Su padre compartía la misma opinión pero no dijo nada. Se sirvió una copa.
– Alexander Dix -dijo, cuando el whisky hizo su efecto.
– Así es -replicó Neil, con su hijo menor sentado sobre las rodillas-. Es la primera y única respuesta a todas las cartas que envié. ¿Cómo lo sabe?
– Dudo mucho que haya más de un rico, distinguido y viejo arquitecto en Kingsmarkham.
– Comenzaremos con un plan un tanto ambicioso para el solar de Castlegate. Un centro comercial, si es que eso no degrada el proyecto. Una cosa muy bella, un aporte para el centro de la ciudad, todo de cristal y dorados, con un supermercado Crescent como eje de todo el conjunto. -Vio la mirada de su suegro y malinterpretó el brillo en los ojos de Wexford-. Oh, no se preocupe, sin medias lunas ni minaretes. La restauración del comercio en el centro de la ciudad forma parte de la política del nuevo consistorio. -Neil le comentó lacónico a Sylvia-. Desde el martes ya puedes dejar de firmar.
– Muchas gracias, pero eso es algo que me toca decidir a mí.
– Podrías decir que te alegras.
– No me interesa formar parte de una sociedad donde la mujer se queda en casa y el hombre regresa al hogar y dice: «tengo un nuevo empleo donde ganaré un dineral», y ella responde, «Ay, que suerte, ¿me puedo comprar el abrigo de piel y el collar de perlas?».
– No está bien usar pieles -opinó Ben.
– No las usaré.
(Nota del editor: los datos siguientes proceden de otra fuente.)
Lemma mcoeff_Dqcoef c a b :
  (Dqcoef c a)@_b = if (mdeg b < (mdeg a).+1)%N then c (a, b) else 0.
Proof.
rewrite /Dqcoef raddf_sum /=; case: ifPn => [lt_ba|ge_ba].
  rewrite (bigD1 (BMultinom lt_ba)) //= mcoeffZ mcoeffX eqxx mulr1 big1 ?addr0 //.
  move=> b' ne_b'; rewrite mcoeffZ mcoeffX.
  by case: eqP => [eq_b'|]; rewrite ?mulr0 //; case/eqP: ne_b'; apply/val_inj.
rewrite big1 // => b' _; rewrite mcoeffZ mcoeffX.
by case: eqP => [eq_b'|]; rewrite ?mulr0 //; case/negP: ge_ba; rewrite -eq_b' bmdeg.
Qed.

Lemma Dqcoef_bounded c : deg_bounded (Dqcoef c).
Proof.
move=> a; rewrite (leq_trans (msize_sum _ _ _)) //; apply/bigmax_leqP => b _.
by rewrite (leq_trans (msizeZ_le _ _)) // msizeX bmdeg.
Qed.

Lemma Dqcoef_coefs_of q : deg_bounded q -> Dqcoef (coefs_of q) =1 q.
Proof. by move=> qb a; rewrite [RHS](mpolywE (qb a)). Qed.

Lemma coefs_of_Dqcoef c : Ddeg_ok c -> coefs_of (Dqcoef c) = c.
Proof.
move=> c_ok; apply/funext => -[a b]; rewrite /coefs_of /= mcoeff_Dqcoef.
by case: ifPn => // /negbTE; rewrite ltnS => /negbT; rewrite -ltnNge => /c_ok ->.
Qed.

HB.instance Definition _ c :=
  GRing.isLinear.Build R P P *:%R (Dop c) (dop_linear (Dqcoef c)).

Lemma Dop_coefs_of q : deg_bounded q -> Dop (coefs_of q) =1 dop q.
Proof. by move=> qb p; apply: eq_bigr => a _; rewrite Dqcoef_coefs_of. Qed.

Lemma msize_Dop c p : (msize (Dop c p) <= msize p)%N.
Proof. exact/msize_dop/Dqcoef_bounded. Qed.

Lemma Dop_widen c p K : (msize p <= K)%N ->
  Dop c p = \sum_(a : 'X_{1..n < K}) Dqcoef c a * p^`M[a].
Proof. exact: dop_widen. Qed.

Lemma Dop_coefs_inj c d : Ddeg_ok c -> Ddeg_ok d ->
  (forall m, Dop c 'X_[m] = Dop d 'X_[m]) -> c = d.
Proof.
move=> c_ok d_ok eqX; rewrite -(coefs_of_Dqcoef c_ok) -(coefs_of_Dqcoef d_ok).
congr coefs_of; apply/funext => a.
by rewrite -[LHS]dop_coefK -[RHS]dop_coefK; congr dop_coef; apply/funext.
Qed.

Definition coefs_of_linear (L : P -> P) := coefs_of (dop_coef (fun m => L 'X_[m])).

Section CoefsOfLinear.
Variable L : P -> P.
Hypotheses (L_linear : linear L) (msize_L : forall p, (msize (L p) <= msize p)%N).

Let L_bounded : deg_bounded (dop_coef (fun m => L 'X_[m])).
Proof. by apply: dop_coef_bounded => m; rewrite -(msizeX R) msize_L. Qed.

Lemma Ddeg_ok_coefs_of_linear : Ddeg_ok (coefs_of_linear L).
Proof. exact: Ddeg_ok_coefs_of L_bounded. Qed.

Lemma Dop_coefs_of_linear : Dop (coefs_of_linear L) =1 L.
Proof.
move=> p; rewrite (Dop_coefs_of L_bounded); apply: eq_linear_mpoly => // [|m].
  exact: dop_linear.
exact: dop_dop_coef.
Qed.

End CoefsOfLinear.

Lemma linear_Dop_comp c d : linear (Dop c \o Dop d).
Proof. by move=> k p r; rewrite /= !linearP. Qed.

Lemma msize_Dop_comp c d p : (msize ((Dop c \o Dop d) p) <= msize p)%N.
Proof. exact/(leq_trans (msize_Dop _ _))/msize_Dop. Qed.

Lemma Dmul_spec c d :
  Ddeg_ok (Dmul c d) /\ forall p, Dop (Dmul c d) p = Dop c (Dop d p).
Proof.
apply: (@xgetPex _ (fun=> 0) [set e | Ddeg_ok e /\ forall p, Dop e p = Dop c (Dop d p)]).
exists (coefs_of_linear (Dop c \o Dop d)).
split; first exact/Ddeg_ok_coefs_of_linear/msize_Dop_comp.
exact/Dop_coefs_of_linear/msize_Dop_comp/linear_Dop_comp.
Qed.

Lemma Dmul_unique c d e : Ddeg_ok e ->
  (forall p, Dop e p = Dop c (Dop d p)) -> Dmul c d = e.
Proof.
have [cd_ok DopM] := Dmul_spec c d.
by move=> e_ok DopE; apply: Dop_coefs_inj => // m; rewrite DopM DopE.
Qed.

Lemma DmulE c d : Dmul c d = coefs_of_linear (Dop c \o Dop d).
Proof.
apply: Dmul_unique; first exact/Ddeg_ok_coefs_of_linear/msize_Dop_comp.
exact/Dop_coefs_of_linear/msize_Dop_comp/linear_Dop_comp.
Qed.

Definition Dunit_coef a : P := if a == 0%MM then 1 else 0.

Lemma Dunit_coef_bounded : deg_bounded Dunit_coef.
Proof. by move=> a; rewrite /Dunit_coef; case: ifP; rewrite ?msize1 ?msize0. Qed.

Lemma Dunit_coefs_of : Dunit R n = coefs_of Dunit_coef.
Proof.
apply/funext => -[a b]; rewrite /Dunit /coefs_of /Dunit_coef /=.
by case: (a == 0%MM); rewrite ?mcoeff1 ?mcoeff0 //=; case: (b == 0%MM).
Qed.

Lemma Ddeg_ok_Dunit : Ddeg_ok (Dunit R n).
Proof. by rewrite Dunit_coefs_of; exact/Ddeg_ok_coefs_of/Dunit_coef_bounded. Qed.

Lemma Dop_Dunit p : Dop (Dunit R n) p = p.
Proof.
have [->|p0] := eqVneq p 0; first exact: linear0.
have deg0 : (mdeg (0%MM : M) < msize p)%N by rewrite mdeg0 lt0n msize_poly_eq0.
rewrite Dunit_coefs_of (Dop_coefs_of Dunit_coef_bounded) /dop.
rewrite (bigD1 (BMultinom deg0)) //= /Dunit_coef eqxx mul1r mderivm0m big1 ?addr0 //.
move=> a ne_a0; rewrite ifF ?mul0r //.
by apply: contraNF ne_a0 => /eqP a0; apply/eqP/val_inj; exact: a0.
Qed.
(* Assume the setting, the majorant assumptions and the constants described in the context. Let $x_0\in C\cap B(x_*,\sigma)\setminus\{x_*\}$ and $\{\theta_k\}\subset[0,\lambda^2/2]$. Let $\{M_k\}$, $\{(s_k,r_k,y_k)\}$ and $\{x_k\}$ be generated by the INL-CondG method started at $x_0$ with parameters $\{\theta_k\}$ (assume the method does not stop, i.e. $F(x_k)\neq 0$ for all $k$). Assume that for all $k\ge 0$ $$\|M_k^{-1}F'(x_k)\|\le \omega_1,\qquad \|M_k^{-1}F'(x_k)-I\|\le\omega_2,$$ and that there are invertible matrices $P_k$ and scalars $\eta_k$ with $$\|P_kr_k\|\le \eta_k\|P_kF(x_k)\|,\qquad 0\le \eta_k\,\mathrm{cond}(P_kF'(x_k))\le\vartheta .$$ Then $\{x_k\}\subset B(x_*,\sigma)\cap C$, $x_k\to x_*$, and $$\|x_{k+1}-x_*\|<\|x_k-x_*\|\ \ (k\ge0),\qquad \limsup_{k\to\infty}\frac{\|x_{k+1}-x_*\|}{\|x_k-x_*\|}\le \omega_1\big[(1+\vartheta)\sqrt{2\tilde\theta}+\vartheta\big]+\omega_2,$$ where $\tilde\theta=\limsup_{k\to\infty}\theta_k$. Moreover, if additionally for some $0<p\le1$ the following condition holds: (h3) the function $(0,\nu)\ni t\mapsto [f(t)/f'(t)-t]/t^{p+1}$ is strictly increasing, then for every integer $k\ge0$ $$\|x_{k+1}-x_*\|\le \omega_1(1+\vartheta)(1+\lambda)\Big(\frac{f(\|x_0-x_*\|)}{f'(\|x_0-x_*\|)}-\|x_0-x_*\|\Big)\Big(\frac{\|x_k-x_*\|}{\|x_0-x_*\|}\Big)^{p+1}+\big(\omega_1[(1+\vartheta)\lambda+\vartheta]+\omega_2\big)\|x_k-x_*\|.$$
   Context: Setting: $\Omega\subset\mathbb{R}^n$ is open, $F:\Omega\to\mathbb{R}^n$ is continuously differentiable with Jacobian $F'(x)$, $C\subset\Omega$ is a nonempty convex compact set, and $x_*\in C$ satisfies $F(x_* )=0$ with $F'(x_* )$ nonsingular. $\|\cdot\|$ is the Euclidean norm on $\mathbb{R}^n$ and the induced operator norm on matrices; $B(a,\delta)$ is the open ball of center $a$ and radius $\delta$; $\mathrm{cond}(A)=\|A^{-1}\|\|A\|$. Majorant assumptions: $R>0$, $\kappa:=\sup\{t\in[0,R): B(x_*,t)\subset\Omega\}$, and $f:[0,R)\to\mathbb{R}$ is continuously differentiable with $$\|F'(x_* )^{-1}[F'(x)-F'(x_*+\tau(x-x_* ))]\|\le f'(\|x-x_*\|)-f'(\tau\|x-x_*\|)\quad\text{for all }\tau\in[0,1],\ x\in B(x_*,\kappa),$$ (h1) $f(0)=0$, $f'(0)=-1$; (h2) $f'$ is strictly increasing. Constants: $0\le\vartheta<1$, $0\le\omega_2<\omega_1$, $\omega_1\vartheta+\omega_2<1$, $\lambda\in[0,(1-\omega_2-\omega_1\vartheta)/(\omega_1(1+\vartheta)))$; $\nu:=\sup\{t\in[0,R): f'(t)<0\}$; $\rho:=\sup\{\delta\in(0,\nu): \omega_1(1+\vartheta)(1+\lambda)\big(\tfrac{f(t)}{tf'(t)}-1\big)+\omega_1[(1+\vartheta)\lambda+\vartheta]+\omega_2<1 \text{ for all } t\in(0,\delta)\}$; $\sigma:=\min\{\kappa,\rho\}$. CondG procedure $z=\mathrm{CondG}(y,x,\varepsilon)$ (for $y\in\mathbb{R}^n$, $x\in C$, $\varepsilon\ge0$): set $z_1=x$, $t=1$. (P1) Compute an optimal solution $u_t$ of $g_t^*=\min_{u\in C}\langle z_t-y,u-z_t\rangle$. (P2) If $g_t^*\ge-\varepsilon$, set $z=z_t$ and stop; otherwise set $\alpha_t=\min\{1,-g_t^*/\|u_t-z_t\|^2\}$, $z_{t+1}=z_t+\alpha_t(u_t-z_t)$, $t\leftarrow t+1$ and go to (P1). INL-CondG method: given $x_0\in C$ and $\{\theta_j\}\subset[0,\infty)$, for $k=0,1,\dots$: if $F(x_k)=0$ stop; otherwise choose an invertible matrix $M_k$ (approximating $F'(x_k)$) and compute $(s_k,r_k,y_k)$ with $M_ks_k=-F(x_k)+r_k$, $y_k=x_k+s_k$; then set $x_{k+1}=\mathrm{CondG}(y_k,x_k,\theta_k\|s_k\|^2)$. *)

(* classical reals.  Vectors of R^n are represented as
   functions nat -> R of which only the coordinates 0..n-1 matter;
   n x n matrices as functions nat -> nat -> R (entries (i,j), i,j < n). *)
From Stdlib Require Import Reals Lra ClassicalEpsilon.
Open Scope R_scope.

Definition vec := nat -> R.
Definition mat := nat -> nat -> R.

Fixpoint rsum (n : nat) (f : nat -> R) : R :=
  match n with O => 0 | S m => rsum m f + f m end.

Definition vzero : vec := fun _ => 0.
Definition vadd (x y : vec) : vec := fun i => x i + y i.
Definition vsub (x y : vec) : vec := fun i => x i - y i.
Definition vopp (x : vec) : vec := fun i => - x i.
Definition vscal (a : R) (x : vec) : vec := fun i => a * x i.
Definition vdot (n : nat) (x y : vec) : R := rsum n (fun i => x i * y i).
Definition vnorm (n : nat) (x : vec) : R := sqrt (vdot n x x).
Definition veq (n : nat) (x y : vec) : Prop := forall i, (i < n)%nat -> x i = y i.
Lemma Psi1_col1_at_0 (Psi1 : R -> C -> M2) (k : C) : k <> RtoC B ->
  solves1 A B (q0R A B R0) Psi1 col1 k ->
  col1 (Psi1 0 k) = (RtoC 1,
    - Ci * RtoC A * cexp (2 * Ci * RtoC R0 * (k - RtoC B)) / (2 * (k - RtoC B)))%C.
Proof.
intros Hk Hs.
assert (Htop : forall y, y <= R0 -> m11 (Psi1 y k) = cexp (- Ci * RtoC B * RtoC y)).
{ intros y Hy; change (fst (col1 (Psi1 y k)) = cexp (- Ci * RtoC B * RtoC y)).
  rewrite (solves1_top _ _ _ _ (or_introl eq_refl) Hs Hy).
  unfold free1, expsig3, M2diag, M2mul; simpl; ring. }
assert (Hd : (k - RtoC B <> 0)%C) by exact (Cminus_neq_0 _ _ Hk).
assert (Hd2 : (-2 * (k - RtoC B) <> 0)%C)
  by (apply Cmult_neq_0; [intro H; injection H; lra | exact Hd]).
pose (c := (Ci * (-2 * (k - RtoC B)))%C).
assert (Hc : c <> 0%C) by exact (Cmult_neq_0 _ _ Ci_nz Hd2).
assert (Hnear : forall y, - R0 <= y <= R0 ->
  snd (col1 (integrand1 A B (q0R A B R0) Psi1 0 k y)) = (RtoC A * cexp (c * RtoC y))%C).
{ intros y Hy; rewrite (integrand1_lower _ _ _ _ _ _ y), Mminus_21_near, Htop by lra.
  rewrite Gminus_22 by exact Hk; cbn [col1 snd m21].
  rewrite cexp_prod4_scal; f_equal; unfold c; cexp_collect. }
apply injective_projections.
{ simpl; rewrite Htop by exact HR0; apply cexp_mul_0. }
destruct (Hs 0) as [I [[_ HI] ->]].
assert (HI_val : snd I = (RtoC A * (cexp (c * RtoC 0) - cexp (c * RtoC (- R0))) / c)%C).
{ eapply (is_RInt_gen_left_support (V := C_R_CompleteNormedModule) _ (- R0) 0);
    [lra | | exact HI | ].
  - intros y Hy; cbv beta; rewrite (integrand1_lower _ _ _ _ _ _ y), Mminus_21_far by lra.
    cbn [col1 snd m21]; rewrite Cmult_0_r, !Cmult_0_l; reflexivity.
  - eapply is_RInt_ext, is_RInt_scal_cexp, Hc.
    intros y Hy; rewrite Rmin_left, Rmax_right in Hy by lra; symmetry; apply Hnear; lra. }
rewrite free1_at_0; cbn [V2add snd col1 Nminus m21]; rewrite HI_val, cexp_mul_0.
replace (cexp (c * RtoC (- R0))) with (cexp (2 * Ci * RtoC R0 * (k - RtoC B)))
  by (unfold c; cexp_collect).
unfold c; rewrite Cdiv_mul_Ci by exact Hd2.
field; exact Hd.
Qed.
Lemma pair_order_ub (ri rj : nat) (xi xj : bool) :
  ri != rj -> (xi && ~~ xj -> rj < ri)%N -> (xj && ~~ xi -> ri < rj)%N ->
  (ri <= rj)%N%:R * (1 + xi%:R) + (rj <= ri)%N%:R * (1 + xj%:R) <= 1 + xi%:R * xj%:R :> R.
Proof.
case: xi; case: xj => /= ? ? ?; do 2 case: leqP => /= ?;
  rewrite ?mul1r ?mul0r ?addr0 ?add0r; first [lra | exfalso; lia].
Qed.

Definition short_first X : seq 'I_n :=
  [seq j <- enum 'I_n | j \notin X] ++ [seq j <- enum 'I_n | j \in X].

Lemma short_first_mem X j : j \in short_first X.
Proof. by rewrite mem_cat mem_filter mem_enum mem_filter mem_enum !andbT orNb. Qed.

Lemma size_short_first X : size (short_first X) = n.
Proof. by rewrite size_cat !size_filter addnC count_predC size_enum_ord. Qed.

Lemma index_short_first X i j : i \notin X -> j \in X ->
  (index i (short_first X) < index j (short_first X))%N.
Proof.
move=> iX jX; rewrite !index_cat mem_filter iX mem_enum mem_filter jX /=.
by rewrite (leq_trans _ (leq_addr _ _)) // index_mem mem_filter iX mem_enum.
Qed.

Lemma OPT_one_on_ub X :
  2 * OPT (one_on R X) <= n%:R ^+ 2 + #|X|%:R ^+ 2 + n%:R + #|X|%:R.
Proof.
set L := short_first X.
have L_feas := test_then_process_feasible (short_first_mem X) (size_short_first X).
apply: le_trans (ler_wpM2l _ (OPT_le_sumC _ L_feas)) _ => //.
have -> : n%:R ^+ 2 + #|X|%:R ^+ 2 + n%:R + #|X|%:R
    = \sum_j \sum_i (1 + 1 * (one_on R X i * one_on R X j)
                     + (i == j)%:R * (1 + one_on R X i)) :> R.
  by rewrite sum_pairs_quadratic big_split /= sum_one_on sumr_const card_ord; ring.
rewrite sumC_no_idle // sum_pairs_sym; apply: ler_sum => j _; apply: ler_sum => i _.
rewrite !work_before_test_then_process ?short_first_mem // mul1r.
have [->|ij] := eqVneq i j; first by rewrite leqnn /one_on; case: (j \in X) => /=; lra.
have L_idx : index i L != index j L.
  by apply: contra_neq ij; apply: index_inj; rewrite ?short_first_mem.
rewrite /one_on mulr0n mul0r addr0; apply: pair_order_ub => // /andP [? ?].
  exact: index_short_first.
exact: index_short_first.
Qed.

End OptUpperBound.

Lemma discrete_ivt (c : nat -> nat) k M :
  c 0%N = 0%N -> (k <= c M)%N -> (forall m, c m.+1 <= (c m).+1)%N ->
  exists2 m, (m <= M)%N & c m = k.
Proof.
move=> c0 k_le c_step; elim: M k_le => [|M IH] k_le.
  by exists 0%N => //; move: k_le; rewrite c0; lia.
have [/IH [m m_le cm]|lt_cM_k] := leqP k (c M); first by exists m => //; lia.
by exists M.+1 => //; have := c_step M; lia.
Qed.

Section Adversary.
Variables (R : realType) (A : forall n, algT R n).
Arguments A : clear implicits.
Hypothesis A_online : online_alg A.
Variable n : nat.

Let all_long : 'I_n -> R := one_on R [set: 'I_n].

Definition tested (p : 'I_n -> R) m : {set 'I_n} :=
  [set j | inl j \in unzip2 (run (A n) p m)].

Lemma card_tested_succ p m : (#|tested p m.+1| <= #|tested p m|.+1)%N.
Proof.
rewrite /tested /= /unzip2 map_rcons.
set o := (A n _ p).2.
have [j o_j] : exists j, o = inl j \/ o = inr j by case: o => j; exists j; [left | right].
apply: (@leq_trans #|j |: tested p m|); last by rewrite cardsU1; case: (_ \in _).
apply/subset_leq_card/subsetP => i; rewrite !inE mem_rcons inE.
case/predU1P => [i_o|->]; last by rewrite orbT.
by case: o_j i_o => -> // [->]; rewrite eqxx.
Qed.

Lemma card_tested_all p : nonneg p -> #|tested p (2 * n)| = n.
Proof.
case: A_online => _ _ A_feas p_ge0; rewrite -[RHS]card_ord; apply: eq_card => j.
by rewrite inE feasible_mem ?A_feas.
Qed.
Lemma mderiv_P_last z m : jacobi_free z -> (m < N)%N ->
  mderiv (ib N m.+1) (P m.+1 z) = - P m z.
Proof.
move=> hz hm; have hi : later_coord m (ib N m.+1) by right; exists m.+1 => //; lia.
have [dP dPprev] := mderiv_P_later hz (ltnW hm) hi.
rewrite P_succ !(mderivB, mderivM) dP dPprev (mderiv_free_later hz hi).
have -> : mderiv (ib N m.+1) (asq m) = 0.
  case: m hm {hi dP dPprev} => [|m] hm; first exact: mderiv0.
  by rewrite /asq expr2 mderivM /va mderivXU ia_neq_ib /=; [ring | lia | lia].
by rewrite /vb mderivXU eqxx /=; ring.
Qed.

Lemma step_relations_P z n : jacobi_free z -> (n < N)%N ->
  step_relations br half (vb R N n.+1) (asq n) (P n z) (Pprev n z).
Proof.
move=> hz hn.
have dP_ia k : (1 <= k < N)%N -> n.+1 = k \/ n.+1 = k.+1 ->
    mderiv (ia N k) (P n z) = 0 /\ mderiv (ia N k) (Pprev n z) = 0.
  by move=> hk hnk; apply: mderiv_P_later (ltnW hn) _ => //; left; exists k => //; lia.
split.
- by apply: pbr_vb => [|k hk /(dP_ia k hk) []]; first lia.
- by apply: pbr_vb => [|k hk /(dP_ia k hk) []]; first lia.
- case: n hn {dP_ia} => [|m] hn; first exact: (br0l pbrBl).
  rewrite /asq expr2 pbrMl !pbr_va ?Pprev_succ; try lia.
  rewrite !(mderiv_P_later hz (ltnW (ltnW hn)) (later_coord_ib _)).1; try lia.
  by ring.
case: n hn {dP_ia} => [|m] hn.
  by rewrite /asq (br0l pbrBl); ring.
rewrite /asq expr2 pbrMl !pbr_va ?Pprev_succ ?mderiv_P_last //; try lia.
rewrite (mderiv_P_later hz (ltnW hn) (later_coord_ib _)).1; last lia.
by rewrite -quarter_add; ring.
Qed.

Lemma pbr_vb_asq n : (n < N)%N -> br (vb R N n.+1) (asq n) = half * asq n.
Proof.
case: n => [|m] hn; first by rewrite /asq pbrC (br0l pbrBl) oppr0 mulr0.
rewrite /asq expr2 pbrC pbrMl pbr_va; last lia.
rewrite /vb !mderivXU eq_ib ?eqxx; try lia.
by rewrite -quarter_add /=; case: eqP => [|_] /=; [lia | ring].
Qed.

Lemma bracket_relations_P z w n : jacobi_free z -> jacobi_free w -> (n <= N)%N ->
  bracket_relations br z (P n z) (Pprev n z) w (P n w) (Pprev n w).
Proof.
move=> hz hw; elim: n => [|n IH] hn.
  exact: bracket_relations_init pbrMl pbrBl z w.
rewrite !P_succ !Pprev_succ.
apply: (bracket_relations_step pbrMl pbrBl pbrC pbrxx half_add) (IH (ltnW hn)).
- by move=> f; apply: pbr_free.
- by move=> f; apply: pbr_free.
- exact: pbr_vb_asq.
- exact: step_relations_P.
- exact: step_relations_P.
Qed.

End JacobiBracket.

Section Evaluation.
Variables (R : realType) (N : nat) (a b : nat -> R).

HB.instance Definition _ :=
  GRing.RMorphism.copy (evpt a b) (comp_mpoly [tuple evpt_var a b i | i < (N.*2).+1]).

Lemma evpt_vx : evpt a b (vx R N) = 'X_(ord0 : 'I_2).
Proof.
rewrite /evpt /vx comp_mpolyXU -tnth_nth tnth_mktuple /evpt_var val_ix ltnn eqxx.
by rewrite ifN //; lia.
Qed.

Lemma evpt_vy : (1 <= N)%N -> evpt a b (vy R N) = 'X_(ord_max : 'I_2).
Proof.
move=> hN; rewrite /evpt /vy comp_mpolyXU -tnth_nth tnth_mktuple /evpt_var val_iy.
have -> : (iy N == ix N) = false by rewrite -val_eqE /= val_ix val_iy; apply/eqP; lia.
by rewrite !ifN //; lia.
Qed.

End Evaluation.

Theorem theorem2p3 (R : realType) (N : nat) (c : R) (hN : (1 <= N)%N)
  (a b : nat -> R)
  (ha : forall k, (1 <= k < N)%N -> 0 < a k)
  (hb : \sum_(1 <= j < N.+1) b j = c)
  (n : nat) (hn : (1 <= n <= N)%N) :
  let X := vx R N in
  let Y := vy R N in
  let ev := evpt a b in
  [/\ ev (pbr (P n X) (P n Y)) = 0,
      ev (pbr (P n.-1 X) (P n.-1 Y)) = 0 &
      exists Q : {mpoly R[2]},
        ('X_(ord0 : 'I_2) - 'X_(ord_max : 'I_2)) * Q
          = ev (P n X * P n.-1 Y - P n Y * P n.-1 X)
        /\ 2%:R * ev (pbr (P n X) (P n.-1 Y)) = Q - ev (P n.-1 X * P n.-1 Y)].
Proof.
move=> X Y ev; case: n hn => [//|m] /andP[_ hm] /=.
have [PP PP' PP'_sym CD] :=
  bracket_relations_P (jacobi_free_vx R N) (jacobi_free_vy R N) hm.
rewrite !Pprev_succ in PP' PP'_sym CD.
rewrite /ev PP PP' rmorph0; split=> //.
exists (ev (2%:R * pbr (P m.+1 X) (P m Y) + P m X * P m Y)); split.
  by rewrite -CD /ev rmorphM rmorphB /= evpt_vx (evpt_vy _ _ hN).
by rewrite /ev rmorphD rmorphM rmorph_nat addrK.
Qed.
(* For every integer $g\geq 3$ there exists a fragile graph that is cubic ($3$-regular) and has girth $g$; in particular, for every $g$ there is a fragile graph of girth $g$ that is not $2$-degenerate.
   Context: All graphs are finite and simple. A graph is $k$-connected if it has at least $k+1$ vertices and no vertex cutset with at most $k-1$ vertices. A graph is fragile if it has no $3$-connected subgraph. A graph is $2$-degenerate if every non-null subgraph has a vertex of degree at most $2$. *)

From mathcomp Require Import all_boot.
Set Implicit Arguments. Unset Strict Implicit. Unset Printing Implicit Defensive.

Section Graphs.
Variable V : finType.

Definition simple_graph (e : rel V) : Prop := symmetric e /\ irreflexive e.

Definition is_subgraph (e : rel V) (S : {set V}) (f : rel V) : Prop :=
  symmetric f /\ forall x y, f x y -> [&& x \in S, y \in S & e x y].

Definition restr (A : {set V}) (f : rel V) : rel V :=
  [rel a b | [&& a \in A, b \in A & f a b]].

Definition connected_on (A : {set V}) (f : rel V) : Prop :=
  forall x y, x \in A -> y \in A -> connect (restr A f) x y.

Definition k_connected (k : nat) (S : {set V}) (f : rel V) : Prop :=
  k.+1 <= #|S| /\
  forall X : {set V}, X \subset S -> #|X| <= k.-1 -> connected_on (S :\: X) f.

Definition fragile (e : rel V) : Prop :=
  forall (S : {set V}) (f : rel V), is_subgraph e S f -> ~ k_connected 3 S f.

Definition deg_in (S : {set V}) (f : rel V) (x : V) : nat :=
  #|[set y in S | f x y]|.

Definition two_degenerate (e : rel V) : Prop :=
  forall (S : {set V}) (f : rel V), is_subgraph e S f -> S != set0 ->
    exists2 x, x \in S & deg_in S f x <= 2.

Definition cubic (e : rel V) : Prop := forall x : V, #|[set y | e x y]| = 3.

Definition has_cycle_of_length (e : rel V) (n : nat) : Prop :=
  exists s : seq V, [/\ size s = n, 3 <= n, uniq s & cycle e s].

Definition girth_eq (e : rel V) (g : nat) : Prop :=
  has_cycle_of_length e g /\ forall n, n < g -> ~ has_cycle_of_length e n.

End Graphs.

From mathcomp Require Import all_boot zify.
Set Implicit Arguments. Unset Strict Implicit. Unset Printing Implicit Defensive.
No me las puedo permitir y nunca podré.
– Walang problema -dijo Wexford en tagalo.
Robin, con la consola en la mano, apartó la mirada de la pantalla para mirar con pena a Wexford.
– Ya no lo digo más, abuelo. Ahora coleccionó portadas con los autógrafos de gente famosa. ¿Crees que podrás conseguirme el de Anouk Khoori?